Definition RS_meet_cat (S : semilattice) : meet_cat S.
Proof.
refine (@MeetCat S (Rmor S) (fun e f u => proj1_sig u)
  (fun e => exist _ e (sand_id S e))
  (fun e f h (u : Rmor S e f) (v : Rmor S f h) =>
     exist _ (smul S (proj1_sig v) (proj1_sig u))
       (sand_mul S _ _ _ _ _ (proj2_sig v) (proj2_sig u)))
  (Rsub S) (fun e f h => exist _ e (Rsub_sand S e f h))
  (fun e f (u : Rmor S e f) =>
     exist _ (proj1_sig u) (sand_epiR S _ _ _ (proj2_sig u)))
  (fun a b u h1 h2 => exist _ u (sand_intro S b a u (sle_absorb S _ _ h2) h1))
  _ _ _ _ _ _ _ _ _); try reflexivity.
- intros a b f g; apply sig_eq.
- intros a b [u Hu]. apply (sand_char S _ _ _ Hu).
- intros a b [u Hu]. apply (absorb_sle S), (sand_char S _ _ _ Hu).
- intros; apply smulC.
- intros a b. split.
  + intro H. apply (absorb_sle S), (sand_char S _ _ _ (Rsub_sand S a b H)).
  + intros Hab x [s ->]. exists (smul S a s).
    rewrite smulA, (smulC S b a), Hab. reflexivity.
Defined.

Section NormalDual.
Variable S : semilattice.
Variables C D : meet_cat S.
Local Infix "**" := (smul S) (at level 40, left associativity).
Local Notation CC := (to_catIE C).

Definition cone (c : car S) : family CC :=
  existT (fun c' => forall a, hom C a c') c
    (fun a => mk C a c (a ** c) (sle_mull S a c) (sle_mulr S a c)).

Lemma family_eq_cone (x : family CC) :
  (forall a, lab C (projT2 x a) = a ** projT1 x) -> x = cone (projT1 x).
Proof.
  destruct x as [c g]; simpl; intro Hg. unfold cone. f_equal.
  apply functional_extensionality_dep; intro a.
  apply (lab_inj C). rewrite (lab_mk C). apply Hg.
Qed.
++++++++
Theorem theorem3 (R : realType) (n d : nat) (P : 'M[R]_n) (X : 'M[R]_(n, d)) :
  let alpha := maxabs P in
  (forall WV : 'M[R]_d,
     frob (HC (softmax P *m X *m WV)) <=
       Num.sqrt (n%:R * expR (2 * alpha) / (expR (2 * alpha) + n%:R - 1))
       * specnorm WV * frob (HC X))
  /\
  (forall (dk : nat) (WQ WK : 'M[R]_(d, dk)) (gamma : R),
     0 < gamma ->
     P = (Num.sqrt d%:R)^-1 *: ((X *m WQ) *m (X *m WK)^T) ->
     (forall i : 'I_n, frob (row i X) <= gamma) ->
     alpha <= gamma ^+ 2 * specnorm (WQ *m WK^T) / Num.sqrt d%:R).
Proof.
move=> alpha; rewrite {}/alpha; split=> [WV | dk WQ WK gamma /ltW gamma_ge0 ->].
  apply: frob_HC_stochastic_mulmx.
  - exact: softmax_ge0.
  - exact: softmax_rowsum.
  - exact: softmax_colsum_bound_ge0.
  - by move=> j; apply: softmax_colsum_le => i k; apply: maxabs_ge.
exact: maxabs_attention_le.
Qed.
++++++++
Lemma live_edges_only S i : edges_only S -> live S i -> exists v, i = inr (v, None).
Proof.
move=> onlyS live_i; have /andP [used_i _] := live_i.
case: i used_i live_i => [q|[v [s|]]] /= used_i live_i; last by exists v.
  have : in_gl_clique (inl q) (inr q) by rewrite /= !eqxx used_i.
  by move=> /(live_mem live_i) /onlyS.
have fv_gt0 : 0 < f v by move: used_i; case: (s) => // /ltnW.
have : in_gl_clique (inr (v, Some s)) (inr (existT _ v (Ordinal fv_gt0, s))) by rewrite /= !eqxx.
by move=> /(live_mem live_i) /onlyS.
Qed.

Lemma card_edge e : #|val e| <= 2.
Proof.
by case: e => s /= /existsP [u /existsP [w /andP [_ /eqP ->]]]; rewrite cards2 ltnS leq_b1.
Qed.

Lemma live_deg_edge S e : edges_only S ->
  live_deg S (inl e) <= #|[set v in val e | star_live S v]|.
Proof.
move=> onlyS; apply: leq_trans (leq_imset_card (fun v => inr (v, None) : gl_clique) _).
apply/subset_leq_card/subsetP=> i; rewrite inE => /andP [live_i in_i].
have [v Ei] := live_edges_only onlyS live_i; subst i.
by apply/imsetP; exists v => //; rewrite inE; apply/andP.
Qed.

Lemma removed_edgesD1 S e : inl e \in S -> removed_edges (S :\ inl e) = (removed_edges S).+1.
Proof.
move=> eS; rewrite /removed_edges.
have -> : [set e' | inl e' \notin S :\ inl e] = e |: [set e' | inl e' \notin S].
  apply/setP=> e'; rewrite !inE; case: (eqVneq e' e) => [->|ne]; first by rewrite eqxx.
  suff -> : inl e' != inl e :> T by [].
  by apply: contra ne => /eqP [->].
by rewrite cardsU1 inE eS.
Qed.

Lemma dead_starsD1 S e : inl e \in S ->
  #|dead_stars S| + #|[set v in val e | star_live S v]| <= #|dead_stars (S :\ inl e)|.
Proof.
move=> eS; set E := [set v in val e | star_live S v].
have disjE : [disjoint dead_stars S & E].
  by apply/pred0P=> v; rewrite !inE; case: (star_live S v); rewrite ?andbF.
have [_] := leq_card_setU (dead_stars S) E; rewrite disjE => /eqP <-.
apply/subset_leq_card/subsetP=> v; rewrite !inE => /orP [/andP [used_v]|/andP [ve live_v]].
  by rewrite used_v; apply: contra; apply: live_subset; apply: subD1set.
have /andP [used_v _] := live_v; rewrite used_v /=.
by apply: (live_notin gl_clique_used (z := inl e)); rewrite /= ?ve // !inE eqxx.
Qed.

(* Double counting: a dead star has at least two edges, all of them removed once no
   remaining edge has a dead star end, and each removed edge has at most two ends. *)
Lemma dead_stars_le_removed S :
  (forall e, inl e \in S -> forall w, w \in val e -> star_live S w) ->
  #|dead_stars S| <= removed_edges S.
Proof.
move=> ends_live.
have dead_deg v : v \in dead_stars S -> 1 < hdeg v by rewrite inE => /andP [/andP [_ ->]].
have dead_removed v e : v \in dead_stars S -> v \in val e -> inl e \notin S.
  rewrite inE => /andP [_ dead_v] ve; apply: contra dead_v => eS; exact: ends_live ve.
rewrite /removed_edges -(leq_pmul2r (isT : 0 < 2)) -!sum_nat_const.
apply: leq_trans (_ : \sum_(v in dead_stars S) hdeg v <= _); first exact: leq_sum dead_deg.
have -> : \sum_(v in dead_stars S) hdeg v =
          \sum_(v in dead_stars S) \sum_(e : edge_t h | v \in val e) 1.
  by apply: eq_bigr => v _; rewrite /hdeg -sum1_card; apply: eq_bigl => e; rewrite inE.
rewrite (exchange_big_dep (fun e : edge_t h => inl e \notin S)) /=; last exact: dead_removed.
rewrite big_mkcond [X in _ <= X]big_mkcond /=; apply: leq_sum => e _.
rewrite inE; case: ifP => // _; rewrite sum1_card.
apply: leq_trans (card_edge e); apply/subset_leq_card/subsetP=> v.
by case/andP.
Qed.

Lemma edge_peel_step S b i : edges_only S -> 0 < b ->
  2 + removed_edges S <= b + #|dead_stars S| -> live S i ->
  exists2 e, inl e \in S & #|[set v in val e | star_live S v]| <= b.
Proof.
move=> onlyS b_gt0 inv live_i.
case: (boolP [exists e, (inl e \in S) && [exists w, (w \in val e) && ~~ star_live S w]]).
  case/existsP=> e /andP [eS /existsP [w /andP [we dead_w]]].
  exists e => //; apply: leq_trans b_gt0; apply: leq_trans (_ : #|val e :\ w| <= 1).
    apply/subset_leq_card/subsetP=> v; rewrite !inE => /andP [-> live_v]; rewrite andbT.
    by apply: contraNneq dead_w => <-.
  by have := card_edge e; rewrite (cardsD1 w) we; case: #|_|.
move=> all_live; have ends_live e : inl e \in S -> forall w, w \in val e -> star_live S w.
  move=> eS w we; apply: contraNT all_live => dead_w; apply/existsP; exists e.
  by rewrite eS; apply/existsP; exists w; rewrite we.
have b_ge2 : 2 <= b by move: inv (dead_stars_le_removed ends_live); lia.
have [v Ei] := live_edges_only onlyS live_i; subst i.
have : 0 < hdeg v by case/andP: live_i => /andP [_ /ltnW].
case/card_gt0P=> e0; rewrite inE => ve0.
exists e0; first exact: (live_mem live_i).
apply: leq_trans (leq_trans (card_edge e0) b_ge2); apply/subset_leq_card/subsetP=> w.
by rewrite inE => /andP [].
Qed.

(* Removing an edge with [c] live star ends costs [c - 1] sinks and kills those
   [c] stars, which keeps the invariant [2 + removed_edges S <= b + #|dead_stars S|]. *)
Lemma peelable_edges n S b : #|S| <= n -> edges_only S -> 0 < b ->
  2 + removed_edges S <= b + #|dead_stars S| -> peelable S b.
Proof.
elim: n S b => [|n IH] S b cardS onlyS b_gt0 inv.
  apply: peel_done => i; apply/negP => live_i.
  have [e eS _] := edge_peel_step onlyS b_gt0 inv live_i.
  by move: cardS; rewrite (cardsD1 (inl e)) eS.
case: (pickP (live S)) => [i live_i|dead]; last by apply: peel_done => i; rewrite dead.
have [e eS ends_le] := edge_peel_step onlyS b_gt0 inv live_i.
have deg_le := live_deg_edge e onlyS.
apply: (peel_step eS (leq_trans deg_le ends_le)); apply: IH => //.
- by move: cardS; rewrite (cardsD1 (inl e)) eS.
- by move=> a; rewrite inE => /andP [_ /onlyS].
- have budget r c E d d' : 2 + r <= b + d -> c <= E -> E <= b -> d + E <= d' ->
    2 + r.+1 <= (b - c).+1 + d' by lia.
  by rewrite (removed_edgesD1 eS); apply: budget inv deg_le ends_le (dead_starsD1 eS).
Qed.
++++++++
Say how many of the lines above include the word "specnorm", giving the figure alone.

2